Brief: The response must consist of every record, restated word for word.

*** Excerpted records Section Begins ***

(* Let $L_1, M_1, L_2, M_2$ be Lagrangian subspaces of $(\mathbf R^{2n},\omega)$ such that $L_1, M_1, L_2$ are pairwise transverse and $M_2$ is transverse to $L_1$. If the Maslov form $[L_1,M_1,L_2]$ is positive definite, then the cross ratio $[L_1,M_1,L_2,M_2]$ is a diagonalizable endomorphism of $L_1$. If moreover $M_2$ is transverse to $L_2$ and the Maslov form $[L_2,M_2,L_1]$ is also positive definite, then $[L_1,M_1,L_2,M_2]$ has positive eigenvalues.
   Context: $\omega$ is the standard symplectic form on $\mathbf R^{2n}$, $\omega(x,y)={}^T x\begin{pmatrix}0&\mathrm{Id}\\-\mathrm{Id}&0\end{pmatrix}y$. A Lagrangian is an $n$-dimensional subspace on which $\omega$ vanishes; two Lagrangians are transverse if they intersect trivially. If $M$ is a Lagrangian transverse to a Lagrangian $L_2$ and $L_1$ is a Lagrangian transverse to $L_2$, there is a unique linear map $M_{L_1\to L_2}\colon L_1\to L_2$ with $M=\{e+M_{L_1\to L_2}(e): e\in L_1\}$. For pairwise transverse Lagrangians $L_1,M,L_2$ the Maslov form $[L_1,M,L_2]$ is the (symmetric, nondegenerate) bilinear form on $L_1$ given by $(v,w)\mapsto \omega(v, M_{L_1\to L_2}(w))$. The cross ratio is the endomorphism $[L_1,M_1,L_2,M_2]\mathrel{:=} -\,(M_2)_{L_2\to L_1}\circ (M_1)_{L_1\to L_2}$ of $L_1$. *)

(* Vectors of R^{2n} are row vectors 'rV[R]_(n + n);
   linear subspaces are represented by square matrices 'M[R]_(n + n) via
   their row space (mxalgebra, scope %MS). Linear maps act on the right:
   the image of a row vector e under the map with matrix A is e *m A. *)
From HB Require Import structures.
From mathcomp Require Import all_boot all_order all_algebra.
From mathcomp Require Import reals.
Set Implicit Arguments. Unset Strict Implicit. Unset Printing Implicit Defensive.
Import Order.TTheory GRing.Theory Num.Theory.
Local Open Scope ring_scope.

*** Excerpted records Section Ends ***

Expected output:
(* Let $L_1, M_1, L_2, M_2$ be Lagrangian subspaces of $(\mathbf R^{2n},\omega)$ such that $L_1, M_1, L_2$ are pairwise transverse and $M_2$ is transverse to $L_1$. If the Maslov form $[L_1,M_1,L_2]$ is positive definite, then the cross ratio $[L_1,M_1,L_2,M_2]$ is a diagonalizable endomorphism of $L_1$. If moreover $M_2$ is transverse to $L_2$ and the Maslov form $[L_2,M_2,L_1]$ is also positive definite, then $[L_1,M_1,L_2,M_2]$ has positive eigenvalues.
   Context: $\omega$ is the standard symplectic form on $\mathbf R^{2n}$, $\omega(x,y)={}^T x\begin{pmatrix}0&\mathrm{Id}\\-\mathrm{Id}&0\end{pmatrix}y$. A Lagrangian is an $n$-dimensional subspace on which $\omega$ vanishes; two Lagrangians are transverse if they intersect trivially. If $M$ is a Lagrangian transverse to a Lagrangian $L_2$ and $L_1$ is a Lagrangian transverse to $L_2$, there is a unique linear map $M_{L_1\to L_2}\colon L_1\to L_2$ with $M=\{e+M_{L_1\to L_2}(e): e\in L_1\}$. For pairwise transverse Lagrangians $L_1,M,L_2$ the Maslov form $[L_1,M,L_2]$ is the (symmetric, nondegenerate) bilinear form on $L_1$ given by $(v,w)\mapsto \omega(v, M_{L_1\to L_2}(w))$. The cross ratio is the endomorphism $[L_1,M_1,L_2,M_2]\mathrel{:=} -\,(M_2)_{L_2\to L_1}\circ (M_1)_{L_1\to L_2}$ of $L_1$. *)

(* Vectors of R^{2n} are row vectors 'rV[R]_(n + n);
   linear subspaces are represented by square matrices 'M[R]_(n + n) via
   their row space (mxalgebra, scope %MS). Linear maps act on the right:
   the image of a row vector e under the map with matrix A is e *m A. *)
From HB Require Import structures.
From mathcomp Require Import all_boot all_order all_algebra.
From mathcomp Require Import reals.
Set Implicit Arguments. Unset Strict Implicit. Unset Printing Implicit Defensive.
Import Order.TTheory GRing.Theory Num.Theory.
Local Open Scope ring_scope.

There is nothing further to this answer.